------ Excerpted data
Theorem proposition1 (Rr L C Vdc T : R)
  (HR : 0 < Rr) (HL : 0 < L) (HC : 0 < C) (HV : 0 < Vdc) (HT : 0 < T)
  (E1 E2 : mat2)
  (hE1 : is_mexp (Am1 Rr L C) (T / 2) E1)
  (hE2 : is_mexp (Am2 Rr L C) (T / 2) E2)
  (hinv : mdet (msub mid (mmul E2 E1)) <> 0)
  (i v : R -> R)
  (hcont : forall t, 0 < t -> continuity_pt i t /\ continuity_pt v t)
  (hcont0 : limit1_in i (fun s => 0 < s) (i 0) 0 /\ limit1_in v (fun s => 0 < s) (v 0) 0)
  (* x' = A1 x + b1 on [(k-1)T, (k-1)T + T/2], k = 1, 2, ... (here k' = k - 1) *)
  (hode1 : forall (k : nat) (t : R), INR k * T < t < INR k * T + T / 2 ->
     derivable_pt_lim i t (vi (vadd (mvmul (Am1 Rr L C) (V2 (i t) (v t))) (bv1 L Vdc))) /\
     derivable_pt_lim v t (vv (vadd (mvmul (Am1 Rr L C) (V2 (i t) (v t))) (bv1 L Vdc))))
  (* x' = A2 x on [(k-1)T + T/2, kT] *)
  (hode2 : forall (k : nat) (t : R), INR k * T + T / 2 < t < INR (S k) * T ->
     derivable_pt_lim i t (vi (mvmul (Am2 Rr L C) (V2 (i t) (v t)))) /\
     derivable_pt_lim v t (vv (mvmul (Am2 Rr L C) (V2 (i t) (v t)))))
  (hinit : V2 (i 0) (v 0) = xp0 Rr L C Vdc E1 E2) :
  i 0 = i (T / 2) /\ i (T / 2) = i T.
Proof.
  set (x t := V2 (i t) (v t)); set (c := V2 0 Vdc).
  assert (Hhalf : vsub (x (T / 2)) c = mvmul E1 (vsub (x 0) c)).
  { apply (affine_flow_from_0 (Am1 Rr L C) (bv1 L Vdc));
      [lra | exact (Am1_equilibrium Rr L C Vdc HL) | exact hE1 | exact hcont | exact hcont0 |].
    intros t Ht; apply (hode1 0%nat t); cbn; lra. }
  assert (Hfull : x T = mvmul E2 (x (T / 2))).
  { apply (linear_flow (Am2 Rr L C) (T / 2) T x); [lra | | |].
    - intros t Ht; apply hcont; lra.
    - intros t Ht; apply (hode2 0%nat t); cbn; lra.
    - now replace (T - T / 2) with (T / 2) by field. }
  assert (HE2 : E2 = mflip E1).
  { apply (is_mexp_unique (Am2 Rr L C) (T / 2)); [exact hE2|].
    rewrite Am2_mflip; now apply is_mexp_mflip. }
  assert (Hperiodic : x 0 = mvmul E2 (vadd (mvmul E1 (vsub (x 0) c)) c)).
  { exact (affine_periodic_point (Am1 Rr L C) (bv1 L Vdc) c E1 E2 (x 0) (mdet_Am1 Rr L C HL HC)
             (Am1_equilibrium Rr L C Vdc HL) (is_mexp_comm _ _ _ hE1) hinv hinit). }
  assert (Hmid : x (T / 2) = vadd (mvmul E1 (vsub (x 0) c)) c).
  { rewrite <- Hhalf; apply vec2_ext; cbn; ring. }
  assert (Hend : x T = x 0) by now rewrite Hfull, Hmid, <- Hperiodic.
  rewrite HE2 in Hperiodic, hinv.
  assert (Hsym := half_wave_symmetry E1 (x 0) Vdc hinv Hperiodic); fold c in Hsym.
  rewrite Hsym in Hmid.
  apply (f_equal vi) in Hmid; apply (f_equal vi) in Hend; cbn in Hmid, Hend.
  split; lra.
Qed.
------------
§ **What is being asked**
Copy out precisely the lines from the line with "2)); [exact hE2|]." to the line with "rewrite <- Hhalf;" in the material above, including those two lines and omitting all the rest.

§ **Solution to the problem**
  { apply (is_mexp_unique (Am2 Rr L C) (T / 2)); [exact hE2|].
    rewrite Am2_mflip; now apply is_mexp_mflip. }
  assert (Hperiodic : x 0 = mvmul E2 (vadd (mvmul E1 (vsub (x 0) c)) c)).
  { exact (affine_periodic_point (Am1 Rr L C) (bv1 L Vdc) c E1 E2 (x 0) (mdet_Am1 Rr L C HL HC)
             (Am1_equilibrium Rr L C Vdc HL) (is_mexp_comm _ _ _ hE1) hinv hinit). }
  assert (Hmid : x (T / 2) = vadd (mvmul E1 (vsub (x 0) c)) c).
  { rewrite <- Hhalf; apply vec2_ext; cbn; ring. }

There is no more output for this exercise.